In via Giacomo Matteotti ho visto una corsia “scooterabile” a centro strada: una lingua d’asfalto ben delimitata con il pittogramma di un centauro riservata a moto e motorini, accanto a una corsia preferenziale che i ciclisti sono tenuti a percorrere condividendo lo spazio con gli autobus e schivando i tombini.
Non ho potuto fare a meno di notare, alloggiando un po’ fuori dal centro in zona Fiera, che una mobilità più a misura di persona si costruisce partendo dagli incroci: dalla possibilità di attraversarli in sicurezza in sella e a piedi, non lasciando praterie per correre ai motori e curve così larghe da poter essere facilmente tagliate aumentando il rischio di collisioni.
E poi è arrivata domenica: se ci fosse stato un video in timelapse avrebbe mostrato l’arrivo alla spicciolata dei partecipanti che hanno a mano a mano riempito il Parco della Montagnola di biciclette. Foto e video della giornata mostrano la grande presenza di famiglie con bambini, mamme e papà in cargobike, tanti piccoli ciclisti in erba che hanno pedalato per 10 chilometri in lungo e in largo aprendo il corteo.

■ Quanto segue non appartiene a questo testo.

(* Let $\mathbb{K}$ be a field, let $A\in\mathbb{K}[x]^{m\times n}$ have full rank $m\le n$, let $s\in\mathbb{Z}^n$, let $P\in\mathbb{K}[x]^{m\times n}$ be the $s$-Popov form of $A$, and let $\pi=\rho_s(A)$ be the $s$-pivot index of $P$. Then $A_{*,\pi}\in\mathbb{K}[x]^{m\times m}$ is nonsingular, $P_{*,\pi}$ is its $s_\pi$-Popov form, and $U=P_{*,\pi}A_{*,\pi}^{-1}\in\mathbb{K}[x]^{m\times m}$ is the unique unimodular matrix such that $UA=P$. Furthermore: (i) $\deg(P)\le\deg(A)+\mathrm{amp}(s)$; (ii) for $1\le i\le m$, the $i$th column of $U$ has degree at most $|\mathrm{rdeg}(A)|-\deg(A_{i,*})$; (iii) $\deg(U)\le|\mathrm{cdeg}(A_{*,\pi})|$; (iv) $\deg(P)\le\min(|\mathrm{rdeg}(A)|,|\mathrm{cdeg}(A')|)\le m\deg(A)$, where $A'$ is $A$ with its zero columns removed.
   Context: For a tuple $t=(t_1,\dots,t_k)$, $|t|=t_1+\dots+t_k$ and $\mathrm{amp}(t)=\max(t)-\min(t)$. $\mathrm{rdeg}(M)$ and $\mathrm{cdeg}(M)$ are the tuples of row degrees and column degrees of $M$; $\deg(M)$ is the maximum degree of its entries; $A_{i,*}$ is the $i$th row, $A_{*,J}$ the submatrix of columns indexed by the tuple $J$, and $s_J$ the corresponding subtuple of $s$. A square polynomial matrix is unimodular if it has an inverse with polynomial entries. For a shift $s\in\mathbb{Z}^n$ and a nonzero row $p=[p_1,\dots,p_n]\in\mathbb{K}[x]^{1\times n}$, the $s$-degree is $\max_j(\deg(p_j)+s_j)$, the $s$-pivot index is the largest $j$ with $\deg(p_j)+s_j$ equal to the $s$-degree, and $p_j$ is the $s$-pivot entry. A matrix $P\in\mathbb{K}[x]^{k\times n}$ is in $s$-Popov form if it has no zero row, the $s$-pivot indices of its rows are strictly increasing, its $s$-pivot entries are monic, and in each column containing an $s$-pivot entry all other entries have degree strictly less than that $s$-pivot entry. The $s$-Popov form of a matrix $A$ of rank $r$ is the unique matrix in $\mathbb{K}[x]^{r\times n}$ in $s$-Popov form whose rows generate the same $\mathbb{K}[x]$-module as those of $A$; $\rho_s(A)$, the $s$-pivot support of $A$, is the tuple of $s$-pivot indices of the rows of this form. *)

From HB Require Import structures.
From mathcomp Require Import all_boot all_order all_algebra.
Set Implicit Arguments. Unset Strict Implicit. Unset Printing Implicit Defensive.
Import Order.TTheory GRing.Theory Num.Theory.
Local Open Scope ring_scope.

Section PopovDefs.
Variable K : fieldType.

(* degree of a polynomial; the zero polynomial gets degree 0 here, which is
   harmless below since all degrees taken are of nonzero rows/columns/matrices; comparisons involving -infinity are written with size *)
Definition pdeg (p : {poly K}) : nat := (size p).-1.

Definition deg_mx m n (M : 'M[{poly K}]_(m, n)) : nat :=
  \max_(i < m) \max_(j < n) pdeg (M i j).
Definition rdeg m n (M : 'M[{poly K}]_(m, n)) (i : 'I_m) : nat :=
  \max_(j < n) pdeg (M i j).
Definition cdeg m n (M : 'M[{poly K}]_(m, n)) (j : 'I_n) : nat :=
  \max_(i < m) pdeg (M i j).
Definition sum_rdeg m n (M : 'M[{poly K}]_(m, n)) : nat :=
  \sum_(i < m) rdeg M i.
Definition sum_cdeg m n (M : 'M[{poly K}]_(m, n)) : nat :=
  \sum_(j < n) cdeg M j.
Definition sum_cdeg_nz m n (M : 'M[{poly K}]_(m, n)) : nat :=
  \sum_(j < n | col j M != 0) cdeg M j.

Definition is_spivot n (s : 'I_n -> int) (p : 'I_n -> {poly K}) (j : 'I_n) :=
  [/\ p j != 0,
      forall k, p k != 0 -> (pdeg (p k))%:Z + s k <= (pdeg (p j))%:Z + s j &
      forall k : 'I_n, (j < k)%N -> p k != 0 ->
        (pdeg (p k))%:Z + s k < (pdeg (p j))%:Z + s j].

Definition is_sPopov k n (s : 'I_n -> int) (P : 'M[{poly K}]_(k, n))
    (pi : 'I_k -> 'I_n) :=
  [/\ forall i, row i P != 0,
      forall i, is_spivot s (fun j => P i j) (pi i),
      forall i i' : 'I_k, (i < i')%N -> (pi i < pi i')%N,
      forall i, P i (pi i) \is monic &
      forall i i', i' != i -> (size (P i' (pi i)) < size (P i (pi i)))%N].

Definition same_rowmod m k n (A : 'M[{poly K}]_(m, n)) (P : 'M[{poly K}]_(k, n)) :=
  (exists V : 'M[{poly K}]_(k, m), P = V *m A) /\
  (exists W : 'M[{poly K}]_(m, k), A = W *m P).

Definition sPopov_form_of m k n (s : 'I_n -> int) (A : 'M[{poly K}]_(m, n))
    (P : 'M[{poly K}]_(k, n)) :=
  (exists pi, is_sPopov s P pi) /\ same_rowmod A P.

End PopovDefs.

(* amplitude of a shift: max(s) - min(s) = max over pairs of |s_i - s_j| *)
Definition amp n (s : 'I_n -> int) : nat :=
  \max_(i < n) \max_(j < n) `|s i - s j|%N.

Definition fracmx (K : fieldType) m n (M : 'M[{poly K}]_(m, n)) :
  'M[{fraction {poly K}}]_(m, n) := map_mx (@tofrac _) M.

(* The transformation [V] with [P = V A] is unimodular, and unique because [A] has
   full rank.  On the pivot columns, [P_pi = V A_pi] with [P_pi] column reduced: its
   diagonal entries are monic and strictly dominate their columns in degree, so
   [det P_pi] is monic of degree [delta], the sum of the pivot degrees, and so is
   [det A_pi] up to a unit; hence every entry of [P_pi] has degree at most [delta].
   Cramer's rule [det(A_pi) V = P_pi adj(A_pi)] then bounds the degrees of [V] by
   those of the cofactors of [A_pi], i.e. by sums of row or column degrees, which
   gives (ii), (iii) and, through [P = V A] (resp. [det(A_pi) P = P_pi adj(A_pi) A]),
   (iv).  Bound (i) is the predictable degree property: in a combination [w P], the
   last row of maximal shifted degree [deg w_l + sdeg P_l] contributes the only term
   of top degree in its pivot column. *)

From HB Require Import structures.
From mathcomp Require Import all_boot all_order all_algebra fingroup perm zify.
Import Order.TTheory GRing.Theory Num.Theory.
Local Open Scope ring_scope.
Set Implicit Arguments. Unset Strict Implicit. Unset Printing Implicit Defensive.

Section PolyDegree.
Variable K : fieldType.
Implicit Types p q c : {poly K}.

Lemma pdeg0 : pdeg (0 : {poly K}) = 0%N.
Proof. by rewrite /pdeg size_poly0. Qed.

Lemma pdeg_leqE p b : (pdeg p <= b)%N = (size p <= b.+1)%N.
Proof. by rewrite /pdeg; case: (size p). Qed.

Lemma size_pdeg p : p != 0 -> size p = (pdeg p).+1.
Proof. exact: polySpred. Qed.

Lemma leq_pdeg p q : (size p <= size q)%N -> (pdeg p <= pdeg q)%N.
Proof. by rewrite /pdeg => ?; lia. Qed.

Lemma size_signr k p : size ((-1) ^+ k * p) = size p.
Proof. by rewrite -signr_odd; case: (odd k); rewrite ?mul1r ?mulN1r ?size_polyN. Qed.

Lemma pdeg_signr k p : pdeg ((-1) ^+ k * p) = pdeg p.
Proof. by rewrite /pdeg size_signr. Qed.

Lemma pdeg_mul_le p q : (pdeg (p * q) <= pdeg p + pdeg q)%N.
Proof.
rewrite pdeg_leqE; apply: leq_trans (size_polyMleq _ _) _.
by rewrite /pdeg; case: (size p) => [|a]; case: (size q) => [|b] //=; lia.
Qed.

Lemma pdeg_mul p q : p != 0 -> q != 0 -> pdeg (p * q) = (pdeg p + pdeg q)%N.
Proof.
by move=> p0 q0; rewrite {1}/pdeg size_mul // (size_pdeg p0) (size_pdeg q0) addnS.
Qed.

Lemma pdeg_mulKl_le c p b :
  c != 0 -> (pdeg (c * p) <= pdeg c + b)%N -> (pdeg p <= b)%N.
Proof.
move=> c0; have [->|p0] := eqVneq p 0; first by rewrite pdeg0.
by rewrite pdeg_mul // leq_add2l.
Qed.

Lemma size_sum_lt (I : Type) (r : seq I) (P : pred I) (F : I -> {poly K}) b :
  (0 < b)%N -> (forall i, P i -> (size (F i) < b)%N) ->
  (size (\sum_(i <- r | P i) F i)%R < b)%N.
Proof.
move=> b0 Fb; elim/big_ind: _ => //; first by rewrite size_poly0.
by move=> x y xb yb; apply: leq_ltn_trans (size_polyD _ _) _; rewrite gtn_max xb.
Qed.

Lemma pdeg_sum_le (I : Type) (r : seq I) (P : pred I) (F : I -> {poly K}) b :
  (forall i, P i -> (pdeg (F i) <= b)%N) -> (pdeg (\sum_(i <- r | P i) F i)%R <= b)%N.
Proof.
by move=> Fb; rewrite pdeg_leqE -ltnS; apply: size_sum_lt => // i /Fb; rewrite pdeg_leqE ltnS.
Qed.

Lemma pdeg_prod_le (I : Type) (r : seq I) (P : pred I) (F : I -> {poly K}) :
  (pdeg (\prod_(i <- r | P i) F i)%R <= \sum_(i <- r | P i) pdeg (F i))%N.
Proof.
apply: (big_rec2 (fun x d => pdeg x <= d)%N) => [|i x d _ xd].
  by rewrite /pdeg size_poly1.
by apply: leq_trans (pdeg_mul_le _ _) _; rewrite leq_add2l.
Qed.

Lemma pdeg_prod (I : Type) (r : seq I) (P : pred I) (F : I -> {poly K}) :
  (forall i, P i -> F i != 0) ->
  \prod_(i <- r | P i) F i != 0 /\
  pdeg (\prod_(i <- r | P i) F i) = (\sum_(i <- r | P i) pdeg (F i))%N.
Proof.
move=> F0; apply: (big_rec2 (fun x d => x != 0 /\ pdeg x = d)) => [|i x d Pi [x0 xd]].
  by rewrite oner_neq0 /pdeg size_poly1.
by rewrite mulf_neq0 ?pdeg_mul ?F0 ?xd.
Qed.

End PolyDegree.

Section MatrixDegree.
Variable K : fieldType.

Lemma pdeg_le_rdeg m n (M : 'M[{poly K}]_(m, n)) i j : (pdeg (M i j) <= rdeg M i)%N.
Proof. exact: (leq_bigmax (F := fun j => pdeg (M i j))). Qed.

Lemma pdeg_le_cdeg m n (M : 'M[{poly K}]_(m, n)) i j : (pdeg (M i j) <= cdeg M j)%N.
Proof. exact: (leq_bigmax (F := fun i => pdeg (M i j))). Qed.

Lemma rdeg_le_deg_mx m n (M : 'M[{poly K}]_(m, n)) i : (rdeg M i <= deg_mx M)%N.
Proof. exact: (leq_bigmax (F := rdeg M)). Qed.

Lemma deg_mx_le m n (M : 'M[{poly K}]_(m, n)) b :
  (forall i j, pdeg (M i j) <= b)%N -> (deg_mx M <= b)%N.
Proof. by move=> Mb; apply/bigmax_leqP => i _; apply/bigmax_leqP => j _. Qed.

Lemma rdeg_le_sum_rdeg m n (M : 'M[{poly K}]_(m, n)) i : (rdeg M i <= sum_rdeg M)%N.
Proof. by rewrite /sum_rdeg (bigD1 i) //= leq_addr. Qed.

Lemma sum_rdeg_le_deg_mx m n (M : 'M[{poly K}]_(m, n)) : (sum_rdeg M <= m * deg_mx M)%N.
Proof.
have -> : (m * deg_mx M = \sum_(i < m) deg_mx M)%N.
  by rewrite big_const_ord iter_addn_0 mulnC.
by apply: leq_sum => i _; apply: rdeg_le_deg_mx.
Qed.

Lemma sum_cdeg_nzE m n (M : 'M[{poly K}]_(m, n)) : sum_cdeg_nz M = sum_cdeg M.
Proof.
rewrite /sum_cdeg (bigID (fun j => col j M != 0)) /= [X in (_ = _ + X)%N]big1 ?addn0 // => j.
rewrite negbK => /eqP M0; apply: big1 => i _.
by move/matrixP: M0 => /(_ i 0); rewrite !mxE => ->; apply: pdeg0.
Qed.

Lemma rdeg_tr m n (M : 'M[{poly K}]_(m, n)) j : rdeg M^T j = cdeg M j.
Proof. by apply: eq_bigr => i _; rewrite mxE. Qed.

Lemma rdeg_colsub m n p (g : 'I_p -> 'I_n) (M : 'M[{poly K}]_(m, n)) i :
  (rdeg (colsub g M) i <= rdeg M i)%N.
Proof. by apply/bigmax_leqP => j _; rewrite mxE pdeg_le_rdeg. Qed.

Lemma cdeg_colsub m n p (g : 'I_p -> 'I_n) (M : 'M[{poly K}]_(m, n)) j :
  cdeg (colsub g M) j = cdeg M (g j).
Proof. by apply: eq_bigr => i _; rewrite mxE. Qed.

Lemma sum_cdeg_colsub m n p (g : 'I_p -> 'I_n) (M : 'M[{poly K}]_(m, n)) :
  injective g -> sum_cdeg (colsub g M) = (\sum_(j in g @: [set: 'I_p]) cdeg M j)%N.
Proof.
move=> g_inj; rewrite big_imset /=; last by move=> a b _ _; apply: g_inj.
by apply: eq_big => [j | j _]; rewrite ?inE ?cdeg_colsub.
Qed.

Lemma pdeg_det_rdeg m (M : 'M[{poly K}]_m) : (pdeg (\det M) <= sum_rdeg M)%N.
Proof.
apply: pdeg_sum_le => s _; rewrite pdeg_signr.
by apply: leq_trans (pdeg_prod_le _ _ _) _; apply: leq_sum => i _; apply: pdeg_le_rdeg.
Qed.

Lemma pdeg_det_cdeg m (M : 'M[{poly K}]_m) : (pdeg (\det M) <= sum_cdeg M)%N.
Proof.
rewrite -det_tr; apply: leq_trans (pdeg_det_rdeg M^T) _.
by rewrite /sum_rdeg; under eq_bigr do rewrite rdeg_tr.
Qed.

I cosiddetti “ciclisti selvaggi”, in realtà, hanno dato una lezione di mobilità nuova nella giungla d’asfalto perennemente immersa nel traffico: la maggior parte degli automobilisti ha atteso pazientemente i 5 minuti buoni di blocco al passaggio della ciclocarovana bicifestante, salvo qualche eccezione di chi non sopportava di dover dare la precedenza alla bellezza che gli scorreva placidamente davanti in bicicletta, rintanato nel suo abitacolo chiuso e raffrescato dall’aria condizionata senza avere il gusto di godersi il vento in faccia come i 5.000 partecipanti del Bike Pride bolognese.
L’evento di domenica 13 maggio ha definitivamente cambiato l’accezione dell’espressione “ciclisti selvaggi”, coniata da qualcuno che voleva etichettare il comportamento scorretto di chi pedala “sotto i portici e sui marciapiedi”: da ieri nell’immaginario collettivo i ciclisti selvaggi di Bologna sono quell’orda colorata, divertita e divertente che riempie le strade travestita da personaggi dei Flinstones ma che ha ben presente le priorità per il futuro e ciò di cui abbiamo bisogno per uscire da un presente fossile che sa di petrolio.